Activity:
Look through the lines below and extract each one that contains "rmorphM".

Data excerpts:
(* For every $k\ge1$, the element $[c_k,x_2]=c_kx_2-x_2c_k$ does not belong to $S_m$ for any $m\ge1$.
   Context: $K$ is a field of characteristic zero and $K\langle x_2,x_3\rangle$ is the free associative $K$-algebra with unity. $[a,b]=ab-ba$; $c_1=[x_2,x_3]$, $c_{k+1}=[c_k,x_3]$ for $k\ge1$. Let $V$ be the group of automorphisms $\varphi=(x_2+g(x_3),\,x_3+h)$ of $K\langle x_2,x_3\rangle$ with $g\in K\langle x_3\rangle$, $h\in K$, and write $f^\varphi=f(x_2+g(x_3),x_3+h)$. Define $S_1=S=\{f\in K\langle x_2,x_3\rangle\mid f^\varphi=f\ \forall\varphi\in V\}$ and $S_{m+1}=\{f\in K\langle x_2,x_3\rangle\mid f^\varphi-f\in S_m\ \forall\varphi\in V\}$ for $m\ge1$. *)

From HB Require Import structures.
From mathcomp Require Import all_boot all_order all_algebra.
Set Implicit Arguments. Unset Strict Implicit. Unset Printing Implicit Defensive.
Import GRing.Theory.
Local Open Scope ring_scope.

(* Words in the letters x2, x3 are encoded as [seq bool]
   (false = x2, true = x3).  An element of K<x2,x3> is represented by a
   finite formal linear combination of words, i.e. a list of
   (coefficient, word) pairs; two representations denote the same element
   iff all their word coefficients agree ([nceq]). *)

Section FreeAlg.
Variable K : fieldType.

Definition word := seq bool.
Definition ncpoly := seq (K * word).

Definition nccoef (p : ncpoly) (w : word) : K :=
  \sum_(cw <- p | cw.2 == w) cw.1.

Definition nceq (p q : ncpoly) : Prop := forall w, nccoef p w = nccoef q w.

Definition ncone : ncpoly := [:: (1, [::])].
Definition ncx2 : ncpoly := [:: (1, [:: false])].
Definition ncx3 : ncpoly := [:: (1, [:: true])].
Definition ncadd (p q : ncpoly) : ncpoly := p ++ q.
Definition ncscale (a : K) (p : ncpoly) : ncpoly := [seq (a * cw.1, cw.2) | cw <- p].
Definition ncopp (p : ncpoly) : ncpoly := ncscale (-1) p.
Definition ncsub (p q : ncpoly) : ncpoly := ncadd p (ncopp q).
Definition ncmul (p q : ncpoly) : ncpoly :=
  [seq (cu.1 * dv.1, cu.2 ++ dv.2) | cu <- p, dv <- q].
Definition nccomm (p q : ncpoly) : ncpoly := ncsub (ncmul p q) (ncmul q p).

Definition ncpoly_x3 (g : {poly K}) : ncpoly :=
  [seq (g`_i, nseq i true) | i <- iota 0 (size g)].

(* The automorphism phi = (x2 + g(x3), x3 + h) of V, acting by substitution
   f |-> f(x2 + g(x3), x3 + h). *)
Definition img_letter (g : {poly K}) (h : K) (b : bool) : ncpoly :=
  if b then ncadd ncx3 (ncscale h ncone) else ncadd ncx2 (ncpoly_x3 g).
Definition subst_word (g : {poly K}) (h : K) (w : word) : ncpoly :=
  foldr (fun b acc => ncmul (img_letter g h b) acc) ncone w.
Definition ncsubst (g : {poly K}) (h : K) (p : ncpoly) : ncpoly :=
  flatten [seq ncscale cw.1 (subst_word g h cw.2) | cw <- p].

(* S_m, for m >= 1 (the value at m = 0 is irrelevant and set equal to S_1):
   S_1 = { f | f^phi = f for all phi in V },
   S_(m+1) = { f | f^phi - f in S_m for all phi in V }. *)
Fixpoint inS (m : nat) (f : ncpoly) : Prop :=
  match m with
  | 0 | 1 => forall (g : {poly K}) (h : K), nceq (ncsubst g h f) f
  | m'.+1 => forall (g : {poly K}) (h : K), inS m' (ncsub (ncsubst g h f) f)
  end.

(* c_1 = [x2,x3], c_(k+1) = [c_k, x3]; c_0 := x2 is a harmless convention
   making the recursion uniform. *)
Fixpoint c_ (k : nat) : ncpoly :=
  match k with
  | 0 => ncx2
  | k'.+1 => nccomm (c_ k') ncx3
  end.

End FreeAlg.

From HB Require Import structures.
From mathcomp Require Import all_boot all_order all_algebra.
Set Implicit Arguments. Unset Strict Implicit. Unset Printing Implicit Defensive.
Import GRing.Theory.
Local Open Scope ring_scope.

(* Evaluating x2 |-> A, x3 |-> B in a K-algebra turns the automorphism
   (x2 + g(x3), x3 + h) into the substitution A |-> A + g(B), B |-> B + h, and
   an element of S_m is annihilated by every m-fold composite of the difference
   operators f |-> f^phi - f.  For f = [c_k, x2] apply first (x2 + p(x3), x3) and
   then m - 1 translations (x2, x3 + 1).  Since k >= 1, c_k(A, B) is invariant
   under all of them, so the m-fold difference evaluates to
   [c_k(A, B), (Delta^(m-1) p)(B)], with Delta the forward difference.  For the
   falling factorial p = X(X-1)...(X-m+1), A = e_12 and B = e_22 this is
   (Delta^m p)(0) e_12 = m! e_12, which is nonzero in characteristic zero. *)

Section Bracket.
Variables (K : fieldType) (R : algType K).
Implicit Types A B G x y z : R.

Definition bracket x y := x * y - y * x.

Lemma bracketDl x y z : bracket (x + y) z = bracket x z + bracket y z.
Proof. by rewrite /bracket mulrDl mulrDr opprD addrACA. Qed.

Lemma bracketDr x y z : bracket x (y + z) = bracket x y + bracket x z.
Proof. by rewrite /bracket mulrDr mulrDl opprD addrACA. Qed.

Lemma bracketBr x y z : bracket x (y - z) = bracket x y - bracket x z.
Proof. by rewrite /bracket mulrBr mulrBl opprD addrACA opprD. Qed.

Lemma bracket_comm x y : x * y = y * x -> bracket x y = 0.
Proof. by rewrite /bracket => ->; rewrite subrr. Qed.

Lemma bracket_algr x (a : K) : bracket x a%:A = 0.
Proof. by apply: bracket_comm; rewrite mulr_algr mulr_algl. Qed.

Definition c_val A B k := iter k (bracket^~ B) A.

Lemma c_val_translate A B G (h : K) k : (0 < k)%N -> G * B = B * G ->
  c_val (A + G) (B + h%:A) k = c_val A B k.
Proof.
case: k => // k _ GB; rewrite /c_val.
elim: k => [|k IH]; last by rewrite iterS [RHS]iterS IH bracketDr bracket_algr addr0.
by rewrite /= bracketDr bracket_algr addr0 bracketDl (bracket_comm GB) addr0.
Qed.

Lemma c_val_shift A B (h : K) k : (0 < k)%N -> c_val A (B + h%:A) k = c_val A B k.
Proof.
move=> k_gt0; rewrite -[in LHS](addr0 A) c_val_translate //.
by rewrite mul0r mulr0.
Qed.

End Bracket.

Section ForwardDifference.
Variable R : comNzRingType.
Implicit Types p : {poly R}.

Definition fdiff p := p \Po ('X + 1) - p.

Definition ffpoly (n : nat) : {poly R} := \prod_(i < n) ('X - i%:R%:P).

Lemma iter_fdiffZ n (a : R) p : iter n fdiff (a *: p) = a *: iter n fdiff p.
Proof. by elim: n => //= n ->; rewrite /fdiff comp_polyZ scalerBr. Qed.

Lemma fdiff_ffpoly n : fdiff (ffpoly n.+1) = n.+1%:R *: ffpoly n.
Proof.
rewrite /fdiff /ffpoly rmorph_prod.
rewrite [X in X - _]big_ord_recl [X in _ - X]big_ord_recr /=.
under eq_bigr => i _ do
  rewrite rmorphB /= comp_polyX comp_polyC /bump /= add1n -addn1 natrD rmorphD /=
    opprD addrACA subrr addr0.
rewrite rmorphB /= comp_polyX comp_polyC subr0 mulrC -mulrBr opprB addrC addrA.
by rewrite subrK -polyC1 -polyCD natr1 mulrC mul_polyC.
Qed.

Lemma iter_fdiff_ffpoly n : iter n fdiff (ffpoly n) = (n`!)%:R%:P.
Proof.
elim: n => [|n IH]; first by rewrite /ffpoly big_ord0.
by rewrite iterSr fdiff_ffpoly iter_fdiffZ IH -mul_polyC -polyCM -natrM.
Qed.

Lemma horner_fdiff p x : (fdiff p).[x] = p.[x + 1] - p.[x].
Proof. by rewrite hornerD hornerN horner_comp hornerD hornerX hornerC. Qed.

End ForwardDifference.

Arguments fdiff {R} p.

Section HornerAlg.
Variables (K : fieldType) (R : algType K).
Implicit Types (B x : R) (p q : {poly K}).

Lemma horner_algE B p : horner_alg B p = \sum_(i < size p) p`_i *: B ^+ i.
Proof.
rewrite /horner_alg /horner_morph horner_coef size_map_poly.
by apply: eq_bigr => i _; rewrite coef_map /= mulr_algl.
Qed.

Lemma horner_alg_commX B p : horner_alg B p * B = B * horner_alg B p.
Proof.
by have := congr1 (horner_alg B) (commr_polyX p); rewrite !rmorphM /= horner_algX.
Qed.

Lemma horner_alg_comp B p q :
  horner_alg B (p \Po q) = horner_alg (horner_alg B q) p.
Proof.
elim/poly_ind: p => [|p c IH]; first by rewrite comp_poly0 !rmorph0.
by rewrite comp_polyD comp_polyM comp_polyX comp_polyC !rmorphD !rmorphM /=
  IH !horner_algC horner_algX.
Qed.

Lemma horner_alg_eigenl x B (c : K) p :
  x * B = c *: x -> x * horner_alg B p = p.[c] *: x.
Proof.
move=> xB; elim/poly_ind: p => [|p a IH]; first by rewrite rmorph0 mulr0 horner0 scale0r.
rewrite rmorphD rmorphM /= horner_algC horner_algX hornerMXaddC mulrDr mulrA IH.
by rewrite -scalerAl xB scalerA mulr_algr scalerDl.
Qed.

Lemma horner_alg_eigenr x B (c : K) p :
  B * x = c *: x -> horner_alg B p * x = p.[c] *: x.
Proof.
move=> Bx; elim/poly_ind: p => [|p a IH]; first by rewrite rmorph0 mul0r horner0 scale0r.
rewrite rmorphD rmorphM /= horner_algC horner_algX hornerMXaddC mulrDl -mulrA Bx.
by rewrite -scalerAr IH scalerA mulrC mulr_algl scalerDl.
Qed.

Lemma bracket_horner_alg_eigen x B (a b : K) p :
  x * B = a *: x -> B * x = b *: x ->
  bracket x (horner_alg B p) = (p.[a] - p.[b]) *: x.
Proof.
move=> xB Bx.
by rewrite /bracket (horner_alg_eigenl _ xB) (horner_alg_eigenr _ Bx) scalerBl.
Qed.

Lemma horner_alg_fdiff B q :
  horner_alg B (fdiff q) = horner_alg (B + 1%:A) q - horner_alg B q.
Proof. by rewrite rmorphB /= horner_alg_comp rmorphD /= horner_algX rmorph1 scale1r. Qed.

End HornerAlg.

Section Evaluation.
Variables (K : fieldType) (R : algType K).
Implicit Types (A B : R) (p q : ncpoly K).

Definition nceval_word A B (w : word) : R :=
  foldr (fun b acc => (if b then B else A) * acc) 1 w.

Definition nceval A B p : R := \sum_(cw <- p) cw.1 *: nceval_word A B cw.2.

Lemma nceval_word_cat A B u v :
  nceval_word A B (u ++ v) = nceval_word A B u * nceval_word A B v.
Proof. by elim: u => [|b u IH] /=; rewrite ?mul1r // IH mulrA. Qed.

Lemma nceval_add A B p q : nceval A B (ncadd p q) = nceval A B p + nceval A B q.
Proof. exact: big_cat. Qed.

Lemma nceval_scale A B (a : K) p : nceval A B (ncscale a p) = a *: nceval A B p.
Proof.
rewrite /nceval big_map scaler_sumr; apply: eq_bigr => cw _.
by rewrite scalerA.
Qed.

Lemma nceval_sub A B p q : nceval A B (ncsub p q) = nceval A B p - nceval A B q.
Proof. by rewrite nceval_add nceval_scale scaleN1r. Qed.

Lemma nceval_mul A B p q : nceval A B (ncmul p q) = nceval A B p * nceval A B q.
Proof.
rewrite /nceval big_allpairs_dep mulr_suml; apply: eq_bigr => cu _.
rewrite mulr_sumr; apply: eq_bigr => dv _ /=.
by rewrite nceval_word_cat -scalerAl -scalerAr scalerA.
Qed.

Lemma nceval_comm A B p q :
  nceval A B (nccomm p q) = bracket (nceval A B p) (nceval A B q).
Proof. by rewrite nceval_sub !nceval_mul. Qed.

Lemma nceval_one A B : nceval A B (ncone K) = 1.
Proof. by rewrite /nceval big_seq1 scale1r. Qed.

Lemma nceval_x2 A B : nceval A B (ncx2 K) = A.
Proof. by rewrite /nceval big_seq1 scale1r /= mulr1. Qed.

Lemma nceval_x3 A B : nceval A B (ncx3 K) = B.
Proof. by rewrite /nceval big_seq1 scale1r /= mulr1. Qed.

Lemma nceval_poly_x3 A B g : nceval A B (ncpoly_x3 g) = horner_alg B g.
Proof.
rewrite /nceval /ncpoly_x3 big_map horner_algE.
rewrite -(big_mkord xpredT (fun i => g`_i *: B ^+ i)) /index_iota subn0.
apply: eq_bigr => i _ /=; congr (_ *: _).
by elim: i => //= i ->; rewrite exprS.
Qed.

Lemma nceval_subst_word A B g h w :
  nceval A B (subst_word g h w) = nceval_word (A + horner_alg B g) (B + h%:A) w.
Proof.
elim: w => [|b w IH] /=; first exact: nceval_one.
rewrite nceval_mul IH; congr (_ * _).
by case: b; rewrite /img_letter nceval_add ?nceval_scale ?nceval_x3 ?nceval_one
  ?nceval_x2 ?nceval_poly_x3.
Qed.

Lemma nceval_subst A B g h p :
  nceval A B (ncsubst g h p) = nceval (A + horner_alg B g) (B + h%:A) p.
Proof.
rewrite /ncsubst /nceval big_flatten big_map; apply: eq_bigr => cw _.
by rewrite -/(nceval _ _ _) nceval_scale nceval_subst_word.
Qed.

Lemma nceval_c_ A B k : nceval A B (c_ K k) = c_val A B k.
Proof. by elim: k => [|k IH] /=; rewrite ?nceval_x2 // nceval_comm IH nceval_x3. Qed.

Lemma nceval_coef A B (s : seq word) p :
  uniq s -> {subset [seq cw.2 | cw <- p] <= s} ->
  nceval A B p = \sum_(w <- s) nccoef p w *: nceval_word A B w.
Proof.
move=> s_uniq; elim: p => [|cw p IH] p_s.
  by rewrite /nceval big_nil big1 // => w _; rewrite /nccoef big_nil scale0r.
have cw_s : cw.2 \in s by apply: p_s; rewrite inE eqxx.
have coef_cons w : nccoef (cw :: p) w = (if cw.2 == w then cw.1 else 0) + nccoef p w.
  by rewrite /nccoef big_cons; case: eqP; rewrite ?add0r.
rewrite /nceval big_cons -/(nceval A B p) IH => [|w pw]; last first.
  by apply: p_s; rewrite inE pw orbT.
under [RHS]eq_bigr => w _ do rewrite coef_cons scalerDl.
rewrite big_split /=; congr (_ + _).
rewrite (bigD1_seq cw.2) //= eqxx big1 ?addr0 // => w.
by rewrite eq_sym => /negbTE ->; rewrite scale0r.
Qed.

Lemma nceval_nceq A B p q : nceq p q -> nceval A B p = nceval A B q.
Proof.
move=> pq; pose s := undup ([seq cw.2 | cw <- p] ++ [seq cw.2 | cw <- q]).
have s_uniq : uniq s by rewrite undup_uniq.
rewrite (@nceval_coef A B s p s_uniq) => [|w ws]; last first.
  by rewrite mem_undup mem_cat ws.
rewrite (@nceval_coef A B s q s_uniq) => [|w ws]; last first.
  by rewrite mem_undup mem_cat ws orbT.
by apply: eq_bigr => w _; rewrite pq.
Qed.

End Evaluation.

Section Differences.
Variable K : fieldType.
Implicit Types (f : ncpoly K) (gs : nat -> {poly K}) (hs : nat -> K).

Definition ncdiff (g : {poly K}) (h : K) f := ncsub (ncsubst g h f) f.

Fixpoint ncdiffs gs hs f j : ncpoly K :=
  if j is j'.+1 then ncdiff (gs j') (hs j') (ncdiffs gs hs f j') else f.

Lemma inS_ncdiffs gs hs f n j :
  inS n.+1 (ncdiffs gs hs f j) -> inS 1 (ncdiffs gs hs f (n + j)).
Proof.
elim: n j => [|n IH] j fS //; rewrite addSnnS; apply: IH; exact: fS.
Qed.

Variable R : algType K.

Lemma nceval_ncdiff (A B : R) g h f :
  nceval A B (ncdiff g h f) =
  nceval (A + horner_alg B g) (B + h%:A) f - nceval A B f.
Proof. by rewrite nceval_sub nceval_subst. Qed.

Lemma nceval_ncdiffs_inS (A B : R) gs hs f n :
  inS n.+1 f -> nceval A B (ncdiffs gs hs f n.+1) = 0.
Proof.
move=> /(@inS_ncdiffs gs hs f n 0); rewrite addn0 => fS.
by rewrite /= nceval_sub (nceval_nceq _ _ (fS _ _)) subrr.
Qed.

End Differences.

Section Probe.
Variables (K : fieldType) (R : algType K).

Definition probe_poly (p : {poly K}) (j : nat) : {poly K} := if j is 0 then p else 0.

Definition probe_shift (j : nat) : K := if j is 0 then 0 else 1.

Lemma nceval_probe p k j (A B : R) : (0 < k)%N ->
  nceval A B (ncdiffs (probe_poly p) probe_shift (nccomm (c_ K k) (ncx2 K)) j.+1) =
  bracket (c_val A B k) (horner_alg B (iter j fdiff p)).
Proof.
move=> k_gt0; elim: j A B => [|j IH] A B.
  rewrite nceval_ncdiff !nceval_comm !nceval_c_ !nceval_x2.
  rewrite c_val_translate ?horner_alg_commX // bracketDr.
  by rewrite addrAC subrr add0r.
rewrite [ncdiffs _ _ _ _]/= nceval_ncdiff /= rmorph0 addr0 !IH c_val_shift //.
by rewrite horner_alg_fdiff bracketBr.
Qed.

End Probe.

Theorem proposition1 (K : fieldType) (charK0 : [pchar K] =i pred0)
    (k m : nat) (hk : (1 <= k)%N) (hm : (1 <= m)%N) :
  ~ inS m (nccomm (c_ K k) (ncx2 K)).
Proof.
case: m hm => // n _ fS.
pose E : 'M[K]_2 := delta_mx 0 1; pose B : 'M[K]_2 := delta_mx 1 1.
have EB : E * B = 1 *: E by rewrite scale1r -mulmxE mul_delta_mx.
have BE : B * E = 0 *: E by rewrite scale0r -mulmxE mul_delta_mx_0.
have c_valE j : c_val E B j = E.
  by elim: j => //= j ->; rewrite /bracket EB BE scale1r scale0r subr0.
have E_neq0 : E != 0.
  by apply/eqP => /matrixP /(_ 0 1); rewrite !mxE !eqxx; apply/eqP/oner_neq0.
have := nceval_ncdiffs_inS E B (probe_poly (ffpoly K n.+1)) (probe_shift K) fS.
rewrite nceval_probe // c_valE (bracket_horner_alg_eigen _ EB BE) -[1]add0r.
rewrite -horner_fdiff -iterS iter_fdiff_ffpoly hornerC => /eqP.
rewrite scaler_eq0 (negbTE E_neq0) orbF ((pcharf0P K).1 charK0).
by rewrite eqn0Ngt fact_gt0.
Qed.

* * *

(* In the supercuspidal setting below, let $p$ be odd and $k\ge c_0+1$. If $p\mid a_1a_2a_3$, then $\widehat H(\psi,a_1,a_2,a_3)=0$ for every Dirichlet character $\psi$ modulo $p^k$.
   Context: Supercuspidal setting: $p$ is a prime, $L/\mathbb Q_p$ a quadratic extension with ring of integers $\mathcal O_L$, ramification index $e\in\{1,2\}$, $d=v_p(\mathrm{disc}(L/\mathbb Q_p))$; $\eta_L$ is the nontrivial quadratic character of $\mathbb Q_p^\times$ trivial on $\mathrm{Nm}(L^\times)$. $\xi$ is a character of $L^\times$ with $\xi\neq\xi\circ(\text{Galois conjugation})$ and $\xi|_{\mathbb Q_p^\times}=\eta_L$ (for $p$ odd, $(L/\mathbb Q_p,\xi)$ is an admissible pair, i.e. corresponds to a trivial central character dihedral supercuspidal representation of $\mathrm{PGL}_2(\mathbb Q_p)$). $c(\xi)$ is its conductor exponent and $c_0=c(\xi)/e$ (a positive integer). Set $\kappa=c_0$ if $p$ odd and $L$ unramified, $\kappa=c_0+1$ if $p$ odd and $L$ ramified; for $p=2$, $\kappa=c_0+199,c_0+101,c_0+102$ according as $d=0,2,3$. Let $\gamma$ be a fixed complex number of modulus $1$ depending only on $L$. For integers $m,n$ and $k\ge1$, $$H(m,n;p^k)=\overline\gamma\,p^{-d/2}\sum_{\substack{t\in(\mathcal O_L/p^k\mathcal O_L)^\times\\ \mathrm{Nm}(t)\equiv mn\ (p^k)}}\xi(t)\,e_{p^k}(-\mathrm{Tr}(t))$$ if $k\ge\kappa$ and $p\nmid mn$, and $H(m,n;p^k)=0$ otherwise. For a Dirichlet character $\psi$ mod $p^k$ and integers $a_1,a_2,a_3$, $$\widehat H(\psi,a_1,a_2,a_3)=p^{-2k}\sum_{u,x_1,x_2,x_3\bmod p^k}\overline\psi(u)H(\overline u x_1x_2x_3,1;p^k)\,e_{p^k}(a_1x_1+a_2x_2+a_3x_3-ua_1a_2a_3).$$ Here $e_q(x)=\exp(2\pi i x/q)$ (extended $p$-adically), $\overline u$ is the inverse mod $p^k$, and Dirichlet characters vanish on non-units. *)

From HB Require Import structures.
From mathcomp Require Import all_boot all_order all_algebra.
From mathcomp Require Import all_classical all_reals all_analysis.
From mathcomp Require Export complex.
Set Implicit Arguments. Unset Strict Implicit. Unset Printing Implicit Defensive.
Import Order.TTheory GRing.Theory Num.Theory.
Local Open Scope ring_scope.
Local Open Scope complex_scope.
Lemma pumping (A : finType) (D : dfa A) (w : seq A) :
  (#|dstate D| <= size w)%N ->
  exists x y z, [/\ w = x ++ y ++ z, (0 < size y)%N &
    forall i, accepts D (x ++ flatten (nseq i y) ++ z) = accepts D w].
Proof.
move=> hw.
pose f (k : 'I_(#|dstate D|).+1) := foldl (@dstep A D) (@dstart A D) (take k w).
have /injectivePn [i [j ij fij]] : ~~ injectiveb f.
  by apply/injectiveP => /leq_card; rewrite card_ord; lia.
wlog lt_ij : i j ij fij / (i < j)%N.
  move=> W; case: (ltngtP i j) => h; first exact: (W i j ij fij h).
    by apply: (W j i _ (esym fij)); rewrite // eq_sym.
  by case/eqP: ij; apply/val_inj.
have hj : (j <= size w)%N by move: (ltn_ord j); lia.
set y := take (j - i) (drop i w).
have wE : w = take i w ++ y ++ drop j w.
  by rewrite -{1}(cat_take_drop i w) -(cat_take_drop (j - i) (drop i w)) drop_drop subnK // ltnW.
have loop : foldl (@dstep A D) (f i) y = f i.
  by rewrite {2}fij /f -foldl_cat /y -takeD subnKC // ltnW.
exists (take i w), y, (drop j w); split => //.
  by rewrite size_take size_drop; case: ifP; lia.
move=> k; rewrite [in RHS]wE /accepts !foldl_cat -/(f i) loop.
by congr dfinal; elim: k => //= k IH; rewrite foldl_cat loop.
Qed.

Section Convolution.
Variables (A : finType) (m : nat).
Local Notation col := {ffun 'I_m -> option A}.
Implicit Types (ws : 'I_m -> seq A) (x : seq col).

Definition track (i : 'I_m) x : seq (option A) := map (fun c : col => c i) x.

Solution to this exercise:
by have := congr1 (horner_alg B) (commr_polyX p); rewrite !rmorphM /= horner_algX.
by rewrite comp_polyD comp_polyM comp_polyX comp_polyC !rmorphD !rmorphM /=
rewrite rmorphD rmorphM /= horner_algC horner_algX hornerMXaddC mulrDr mulrA IH.
rewrite rmorphD rmorphM /= horner_algC horner_algX hornerMXaddC mulrDl -mulrA Bx.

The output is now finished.